97 thoughts on “How to Become An Annoying Catholic (In Eight Easy Steps)

  1. Robert says:

    The most difficult yet annoying thing a Catholic can do is to remain silent even under the most scathing persecution. Catholics often find themselves on the receiving end of foul verbal abuse, especially when in the company of those who reject Christ so as to continue an immoral life style. Be strong!

  2. Simply put we are here to be Loving and Generous. Praise and Thanks be to our God, Amen

  3. Prayer and good wishes are great!hope you would include Jesus lessons of helping the poor and really living by his teachings esp the sermon on the mount.

  4. Prayer good too bad this list doesn’t include acting like Jesus,getting your hands dirty and tending to the needs of the poor and sick .

    1. Slats says:

      (Cf. #7 in Emily’s list)

  5. Pastor Geoffrey says:

    Now that’s what I call Holy Spirit inspired a person who knows what love is and what love does

  6. Roger Guillaumes says:

    Could be that Pope Francis is waking up the Church and being “annoying” by his recent homily on Atheists who do good being saved! The Church needs to be reminded of the Second Vatican Council and the gret strides made. Recent Church leadership was trying to undo the great work of the Council, while Pope Francis that the Church needs to move forward…

    Pope Francis went further in his sermon to say:

    “The Lord created us in His image and likeness, and we are the image of the Lord, and He does good and all of us have this commandment at heart: do good and do not do evil. All of us. ‘But, Father, this is not Catholic! He cannot do good.’ Yes, he can… “The Lord has redeemed all of us, all of us, with the Blood of Christ: all of us, not just Catholics. Everyone! ‘Father, the atheists?’ Even the atheists. Everyone!”.. We must meet one another doing good. ‘But I don’t believe, Father, I am an atheist!’ But do good: we will meet one another there.”

    1. Slats says:

      Roger, respectfully, please quit misrepresenting what Pope Francis said. He did not say that atheists who did good were saved. He said that all persons were redeemed (which is, in Catholic teaching and theology, very much distinct from “saved” or “going to heaven”), and that that condition of redemption made it possible to do good. Had Pope Francis said that “doing good=being saved,” that would be the proclamation of the profoundly and fundamentally non-Christian Pelagian heresy as truth. There are passages in the documents of Vatican II that suggest that non-believers can be saved, but those passages in a sense *are not free* to mean Pelagianism. I would suggest that every passage in Lumen Gentium, Ad Gentes, and similar documents that refer to non-Catholics and salvation arguably have an invisible ellipses after them – “…if they choose before death to become Catholic.” After all, the documents are pastoral documents. They intend both to dialogue with non-Catholics and to say things in a charitable and pastoral way and thus guide people closer to Catholic truth. Insofar as they proclaim doctrine, they are not free to contradict anathema statements from the prior ecumenical councils of the Catholic Church, which are irreformable and which all Catholics until the final coming of Christ absolutely must hold in order to claim legitimately to be of one heart and one mind with Christ (i.e., to be intellectually Catholic and not in a state of obstinate and mortally sinful heresy).
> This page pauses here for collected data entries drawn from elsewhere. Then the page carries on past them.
Lemma concat_at_squeeze_l (t : I01) : 0 < c <= 1 -> concat_at c f g (squeeze_l c t) = f t.
Proof.
move=> c01; have t01 := tval01 t.
rewrite concat_at_le ?stretch_squeeze_l // tval_squeeze_l; nra.
Qed.

Lemma concat_at_squeeze_r (t : I01) :
  0 < c < 1 -> f I1 = g I0 -> concat_at c f g (squeeze_r c t) = g t.
Proof.
move=> c01 fg; have t01 := tval01 t.
rewrite concat_at_ge ?stretch_squeeze_r //; [lra | rewrite tval_squeeze_r; nra].
Qed.

Lemma concat_at_I0 : 0 < c -> concat_at c f g I0 = f I0.
Proof.
move=> c0; have I0c : tval I0 <= c by rewrite tval_I0 ltW.
by rewrite concat_at_le //; congr f; apply: tval_inj; rewrite tval_stretch_l // tval_I0 mul0r.
Qed.

Lemma concat_at_I1 : c < 1 -> concat_at c f g I1 = g I1.
Proof.
move=> c1; have cI1 : c < tval I1 by rewrite tval_I1.
rewrite /concat_at leNgt cI1; congr g; apply: tval_inj.
by rewrite tval_stretch_r ?ltW // tval_I1 divff // subr_eq0 gt_eqF.
Qed.

Lemma concat_at_split (h : I01 -> T) :
  0 < c < 1 -> concat_at c (h \o squeeze_l c) (h \o squeeze_r c) = h.
Proof.
move=> c01; apply: funext => t; have t01 := tval01 t.
case: (lerP (tval t) c) => tc.
  by rewrite concat_at_le //= squeeze_stretch_l //; lra.
rewrite concat_at_ge /= ?squeeze_stretch_r ?squeeze_l1_r0 //; lra.
Qed.

Lemma concat_at_cst (x : T) : concat_at c (fun _ => x) (fun _ => x) = fun _ => x.
Proof. by apply: funext => t; rewrite /concat_at; case: ifP. Qed.

Lemma comp_concat_at (U : Type) (h : T -> U) :
  h \o concat_at c f g = concat_at c (h \o f) (h \o g).
Proof. by apply: funext => t; rewrite /= /concat_at; case: ifP. Qed.

End ConcatAtLemmas.

Section Reparametrization.
Variables (T : Type) (c : R) (f g : I01 -> T) (psi : I01 -> I01).

Lemma concat_at_comp_le : (forall u, tval (psi u) <= c) ->
  concat_at c f g \o psi = f \o (stretch_l c \o psi).
Proof. by move=> le; apply: funext => u; rewrite /= concat_at_le. Qed.

Lemma concat_at_comp_ge : 0 < c < 1 -> f I1 = g I0 -> (forall u, c <= tval (psi u)) ->
  concat_at c f g \o psi = g \o (stretch_r c \o psi).
Proof. by move=> c01 fg ge; apply: funext => u; rewrite /= concat_at_ge. Qed.

End Reparametrization.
      I would like to know who these people were who were trying to “undo the great work of the Council.” The vast majority of folks whom I have encountered who say such things are possessed of a fundamental misunderstanding of what the Council said and what it was free to say. There is a difference between, on the one hand, modernist presumption of what Vatican II was about and what its documents mean, often referred to as “the Spirit of Vatican II,” and what the 16 documents actually said. I have yet to meet the pope or bishop this side of Bishop LeFebvre who has tried to “turn back the clock” on the latter. The former never was, never will be, and never can be part of the Catholic Church.

      Pope Francis has a wide playing field to work with in terms of drawing people to Christ pastorally. In the meantime, he is absolutely bound to maintain the deposit of the faith, which include every single anathema statement in all of the ecumenical councils of the Catholic Church prior to Vatican II (which, by the way, contains no anathema statements).

    2. Antonio A. Badilla says:

      “Recent Church leadership was trying to undo the great work of the Council.”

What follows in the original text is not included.